§ Input material
(* The three nodes satisfy [2 m - a - b = 0], so the linear part [l (x - t)] cancels. *)
Lemma cell_second_diff_le (g : R -> R) t l eps delta n k :
  (forall s, 0 <= s <= 1 -> s <> t -> Rabs (s - t) < delta ->
     Rabs ((g s - g t) / (s - t) - l) < eps) ->
  0 < eps -> dyadic n k <= t <= dyadic n (S k) -> dyadic n (S k) <= 1 ->
  / 2 ^ n < delta ->
  Rabs (cell_second_diff g n k) <= 4 * eps / 2 ^ n.
Proof.
  intros Hq Heps Ht Hb1 Hdelta.
  pose proof (dyadic_succ_sub n k) as Hba. pose proof (dyadic_midpoint n k) as Hm.
  pose proof (dyadic_ge0 n k) as Ha0.
  set (a := dyadic n k) in *. set (b := dyadic n (S k)) in *.
  set (m := dyadic (S n) (2 * k + 1)) in *.
  set (rem x := g x - g t - l * (x - t)).
  assert (Hrem : forall x, a <= x <= b -> Rabs (rem x) <= eps / 2 ^ n).
  { intros x Hx.
    assert (Hxt : Rabs (x - t) <= / 2 ^ n) by (apply Rabs_le_between; lra).
    eapply Rle_trans.
    - apply (remainder_le_of_difference_quotient g t l eps delta); [assumption..|lra|lra].
    - unfold Rdiv. apply Rmult_le_compat_l; lra. }
  replace (cell_second_diff g n k) with (2 * rem m - rem a - rem b)
    by (unfold cell_second_diff, rem; fold a b m; cbv beta; rewrite Hm; field).
  pose proof (Hrem m ltac:(lra)) as Hmr. pose proof (Hrem a ltac:(lra)) as Har.
  pose proof (Hrem b ltac:(lra)) as Hbr.
  apply Rabs_le_between in Hmr, Har, Hbr. apply Rabs_le_between. lra.
Qed.

Lemma differentiable_schauder_coeff_decay c t : 0 <= t <= 1 ->
  differentiable_at01 (schauder_series c) t ->
  forall eps, 0 < eps -> exists N, forall n, (N <= n)%nat ->
    exists k, (k < 2 ^ n)%nat /\ Rabs (c n k) <= eps / sqrt (2 ^ n).
Proof.
  intros Ht [l Hl] eps Heps.
  destruct (Hl (eps / 4)) as [delta [Hdelta Hq]]; [lra|].
  destruct (pow_lt_1_zero (/ 2) ltac:(rewrite Rabs_pos_eq; lra) delta Hdelta) as [N HN].
  exists N. intros n Hn.
  destruct (dyadic_cell_cover n t Ht) as [k [Hk Htk]].
  exists k. split; [exact Hk|].
  assert (Hb1 : dyadic n (S k) <= 1).
  { unfold dyadic. apply Rle_div_l; [apply pow2_pos|].
    rewrite Rmult_1_l, <- INR_pow2. apply le_INR. lia. }
  assert (Hsmall : / 2 ^ n < delta).
  { specialize (HN n Hn). rewrite pow_inv, Rabs_pos_eq in HN; [exact HN|].
    left. apply Rinv_0_lt_compat, pow2_pos. }
  pose proof (cell_second_diff_le _ t l (eps / 4) delta n k Hq ltac:(lra) Htk Hb1 Hsmall)
    as Hbound.
  rewrite cell_second_diff_schauder_series in Hbound by exact Hk.
  pose proof (sqrt_lt_R0 _ (pow2_pos n)) as Hs.
  pose proof (sqrt_sqrt (2 ^ n) (Rlt_le _ _ (pow2_pos n))) as Hss.
  set (s := sqrt (2 ^ n)) in *.
  rewrite Rabs_div, (Rabs_pos_eq s), <- Hss in Hbound by lra.
  apply (Rmult_le_reg_r (/ s)); [apply Rinv_0_lt_compat; lra|].
  replace (eps / s * / s) with (4 * (eps / 4) / (s * s)) by (field; lra).
  exact Hbound.
Qed.

Lemma mod1_unit_interval x : 0 <= mod1 x <= 1.
Proof. unfold mod1. destruct (base_fp x). lra. Qed.

Lemma one_le_sqrt_pow2 n : 1 <= sqrt (2 ^ n).
Proof. rewrite <- sqrt_1. apply sqrt_le_1_alt, pow_R1_Rle. lra. Qed.

Theorem proposition2p7 (alpha : R) (f : nat -> R -> R) (finf : R -> R) :
  0 < alpha -> irrational alpha ->
  in_classF f finf ->
  (exists c, 0 < c /\ forall t, 0 <= t <= 1 -> c <= Rabs (finf t)) ->
  nowhere_differentiable01 (y_alpha alpha f).
Proof.
  intros _ _ [_ [Hunif _]] [c [Hc Hlow]] t Ht Hdiff.
  rewrite y_alpha_schauder_series in Hdiff.
  destruct (differentiable_schauder_coeff_decay _ t Ht Hdiff (c / 4)) as [N1 HN1]; [lra|].
  destruct (Hunif (c / 2)) as [N2 HN2]; [lra|].
  set (n := Nat.max N1 N2).
  destruct (HN1 n) as [k [_ Hsmall]]; [lia|].
  set (x := mod1 (alpha * INR k)) in Hsmall.
  pose proof (mod1_unit_interval (alpha * INR k)) as Hx. fold x in Hx.
  pose proof (HN2 n ltac:(lia) x Hx) as Hclose.
  pose proof (Hlow x Hx) as Hfinf.
  assert (Hdecay : c / 4 / sqrt (2 ^ n) <= c / 4).
  { pose proof (one_le_sqrt_pow2 n). apply Rle_div_l; nra. }
  pose proof (Rabs_triang_inv (finf x) (f n x)) as Htri.
  rewrite Rabs_minus_sym in Htri.
  lra.
Qed.
Lemma zetas_trunc_nseq_catS p a b c m n :
  zetas_trunc p.+1 (nseq m c ++ b :: nseq n a) =
  \sum_(i < m.+1) qinv p.+1 c ^+ i * zetas_trunc p (nseq (m - i) c ++ b :: nseq n a)
  + qinv p.+1 c ^+ m * qinv p.+1 b * zetas_trunc p.+1 (nseq n a).
Proof.
elim: m => [|m IH]; first by rewrite big_ord1 /= zetas_truncS !expr0 !mul1r.
rewrite [nseq m.+1 c ++ _]/= zetas_truncS IH [in RHS]big_ord_recl /= expr0 mul1r.
rewrite mulrDr mulr_sumr addrA; congr (_ + _ + _); last by rewrite exprS !mulrA.
by apply: eq_bigr => j _; rewrite /bump add1n subSS exprS mulrA.
Qed.

Lemma fps_ext (f g : fps) : (forall m n, f m n = g m n) -> f = g.
Proof.
by move=> fg; apply: functional_extensionality => m; apply: functional_extensionality.
Qed.

Lemma big_ord_only (n k : nat) (G : nat -> rat) : (k <= n)%N ->
  (forall i, (i <= n)%N -> i != k -> G i = 0) -> \sum_(i < n.+1) G i = G k.
Proof.
move=> kn G0; rewrite (bigD1 (Ordinal (kn : k < n.+1)%N)) //= big1 ?addr0 // => i ik.
by apply: G0; [rewrite -ltnS | apply: contra ik => /eqP ik; apply/eqP/val_inj].
Qed.

Lemma fps_cst0 m n : fps_cst 0 m n = 0.
Proof. by rewrite /fps_cst; case: ifP. Qed.

Lemma fps_mulDl f g h m n :
  fps_mul (fps_add f g) h m n = fps_mul f h m n + fps_mul g h m n.
Proof.
rewrite /fps_mul -big_split; apply: eq_bigr => i _.
by rewrite -big_split; apply: eq_bigr => j _; rewrite /fps_add mulrDl.
Qed.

§ Problem requirements
Where does the word "mulrA" show up in the material? Copy out each line that has it.

§ Your response
rewrite mulrDr mulr_sumr addrA; congr (_ + _ + _); last by rewrite exprS !mulrA.
by apply: eq_bigr => j _; rewrite /bump add1n subSS exprS mulrA.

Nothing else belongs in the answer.